→ Exercise directions
Lift every line from the entries that includes the word "Hprofile".

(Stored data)
──────────

Let n_nonneg : forall t, 0 <= n t. Proof. apply Heq. Qed.
Let q_nonneg : forall t, 0 <= q t. Proof. apply Heq. Qed.
Let cost_active : forall t, 0 < n t ->
  Cbp L vf nj alpha beta gamma tstar ts te n q t = Cstar.
Proof. apply Heq. Qed.
Let cost_idle : forall t, n t = 0 ->
  Cstar <= Cbp L vf nj alpha beta gamma tstar ts te n q t.
Proof. apply Heq. Qed.
Let queue_critical : forall t, 0 < q t -> n t = nj / 2. Proof. apply Heq. Qed.
Let no_queue_subcritical : forall t, q t = 0 -> n t <= nj / 2. Proof. apply Heq. Qed.
Let Ns_integral : is_RInt_gen (fun t => outflow L vf nj (n t))
  (Rbar_locally m_infty) (Rbar_locally p_infty) Ns.
Proof. apply Heq. Qed.

Lemma Tp_sub_rel_time t :
  vf / L * Tp L vf nj ts te n q t - X t
  = (Cbp L vf nj alpha beta gamma tstar ts te n q t - Cstar) * vf / (alpha * L).
Proof. unfold rel_time, Cbp. field. lra. Qed.

Lemma rel_time_active t : 0 < n t -> X t = vf / L * Tp L vf nj ts te n q t.
Proof.
  intros Hn. pose proof (Tp_sub_rel_time t) as Hdiff.
  rewrite (cost_active t Hn), Rminus_diag, !Rmult_0_l in Hdiff. lra.
Qed.

Lemma Tp_off_control t : n t <> nj / 2 ->
  Tp L vf nj ts te n q t = L / speed vf nj (n t).
Proof.
  intros Hn. unfold Tp.
  destruct (Rlt_dec ts t); [|reflexivity]. destruct (Rle_dec t te); [|reflexivity].
  exfalso. apply Hn, Hcp. lra.
Qed.

Lemma accumulation_le_critical t : n t <= nj / 2.
Proof.
  destruct (Rle_lt_or_eq_dec 0 (q t) (q_nonneg t)) as [Hq|Hq].
  - rewrite (queue_critical t Hq). lra.
  - apply no_queue_subcritical. auto.
Qed.

Lemma rel_time_empty t : n t = 0 -> X t <= 1.
Proof.
  intros Hn. pose proof (Tp_sub_rel_time t) as Hdiff.
  rewrite Tp_off_control in Hdiff by lra.
  assert (Hcost : 0 <= (Cbp L vf nj alpha beta gamma tstar ts te n q t - Cstar)
                       * vf / (alpha * L)).
  { apply Rle_mult_inv_pos; [|nra]. apply Rmult_le_pos; [|lra].
    pose proof (cost_idle t Hn). lra. }
  replace (vf / L * (L / speed vf nj (n t))) with 1 in Hdiff
    by (rewrite Hn; unfold speed; field; lra).
  lra.
Qed.

Lemma rel_time_subcritical t : 0 < n t < nj / 2 -> X t = nj / (nj - n t).
Proof.
  intros Hn. rewrite rel_time_active, Tp_off_control by lra.
  unfold speed. field. lra.
Qed.

Lemma rel_time_lt_2 t : n t < nj / 2 -> X t < 2.
Proof.
  intros Hn. destruct (Rle_lt_or_eq_dec 0 (n t) (n_nonneg t)) as [Hpos|Hzero].
  - rewrite rel_time_subcritical by lra.
    assert (nj / (nj - n t) * (nj - n t) = nj) by (field; lra). nra.
  - pose proof (rel_time_empty t (eq_sym Hzero)). lra.
Qed.

Lemma queue_rel_time t : ts < t <= te -> q t = nj / 4 * (X t - 2).
Proof.
  intros Ht. assert (Hn : n t = nj / 2) by (apply Hcp; lra).
  rewrite rel_time_active by lra. unfold Tp.
  destruct (Rlt_dec ts t); [|lra]. destruct (Rle_dec t te); [|lra].
  unfold Ip. field. lra.
Qed.

Lemma rel_time_control_start : ts <= te -> X ts = 2.
Proof.
  intros Hts. assert (Hn : n ts = nj / 2) by (apply Hcp; lra).
  rewrite rel_time_active by lra. unfold Tp.
  destruct (Rlt_dec ts ts); [lra|].
  rewrite Hn. unfold speed. field. lra.
Qed.

Lemma rel_time_control t : n t = nj / 2 -> 2 <= X t.
Proof.
  intros Hn. apply Hcp in Hn.
  destruct (Req_dec t ts) as [->|Hne].
  - rewrite rel_time_control_start by lra. lra.
  - pose proof (queue_rel_time t ltac:(lra)). pose proof (q_nonneg t). nra.
Qed.

Lemma outflow_rel_time t :
  outflow L vf nj (n t) = nj * vf / L * flow_profile (X t).
Proof.
  pose proof (accumulation_le_critical t).
  destruct (Req_dec (n t) (nj / 2)) as [Hcrit|Hsub].
  - rewrite flow_profile_ge_2 by (apply rel_time_control; exact Hcrit).
    unfold outflow, speed. rewrite Hcrit. field. lra.
  - destruct (Rle_lt_or_eq_dec 0 (n t) (n_nonneg t)) as [Hpos|Hzero].
    + rewrite rel_time_subcritical by lra. apply outflow_flow_profile; lra.
    + rewrite flow_profile_le_1 by (apply rel_time_empty; auto).
      unfold outflow. rewrite <- Hzero. unfold Rdiv. ring.
Qed.

Lemma Ns_flow_primitive :
  Ns = alpha * nj * (1 / beta + 1 / gamma) * flow_primitive theta.
Proof.
  pose (K := alpha * L / vf).
  assert (HK : 0 < K) by (unfold K; apply Rdiv_lt_0_compat; [apply Rmult_lt_0_compat|]; lra).
  assert (Hprofile : is_RInt_gen (fun t => outflow L vf nj (n t))
            (Rbar_locally m_infty) (Rbar_locally p_infty)
            (scal (nj * vf / L) (K * (1 / beta + 1 / gamma) * flow_primitive theta))).
  { replace (fun t => outflow L vf nj (n t))
      with (fun t => scal (nj * vf / L) (flow_profile (theta - sdelay beta gamma tstar t / K))).
    - apply (is_RInt_gen_scal (V := R_NormedModule)
               (fun t => flow_profile (theta - sdelay beta gamma tstar t / K))).
      apply is_RInt_gen_sdelay_comp; auto.
      + exact is_RInt_flow_profile.
      + exact flow_primitive_le_1.
    - apply functional_extensionality. intros t. rewrite outflow_rel_time. reflexivity. }
  rewrite (is_RInt_gen_R_unique _ _ _ Ns_integral Hprofile).
  unfold scal; simpl; unfold mult; simpl; unfold K. field. lra.
Qed.

Lemma theta_gt_2 : 2 < theta.
Proof.
  destruct (Rlt_le_dec 2 theta) as [Hgt|Hle]; [exact Hgt|].
  assert (Hcoef : 0 < alpha * nj * (1 / beta + 1 / gamma)).
  { apply Rmult_lt_0_compat; [nra|].
    apply Rplus_lt_0_compat; apply Rdiv_lt_0_compat; lra. }
  pose proof (Rmult_le_compat_l _ _ _ (Rlt_le _ _ Hcoef) (flow_primitive_le_2 _ Hle)).
  rewrite <- Ns_flow_primitive in *. lra.
Qed.

Lemma rel_time_tstar : X tstar = theta.
Proof. unfold rel_time. rewrite sdelay_tstar. unfold Rdiv. ring. Qed.

Lemma rel_time_lt_of_sdelay t1 t2 :
  sdelay beta gamma tstar t2 < sdelay beta gamma tstar t1 -> X t1 < X t2.
Proof.
  intros Hs. unfold rel_time.
  apply Rplus_lt_compat_l, Ropp_lt_contravar, Rmult_lt_compat_r; [|exact Hs].
  apply Rinv_0_lt_compat, Rdiv_lt_0_compat; [apply Rmult_lt_0_compat|]; lra.
Qed.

──────────

→ Solved exercise
  assert (Hprofile : is_RInt_gen (fun t => outflow L vf nj (n t))
  rewrite (is_RInt_gen_R_unique _ _ _ Ns_integral Hprofile).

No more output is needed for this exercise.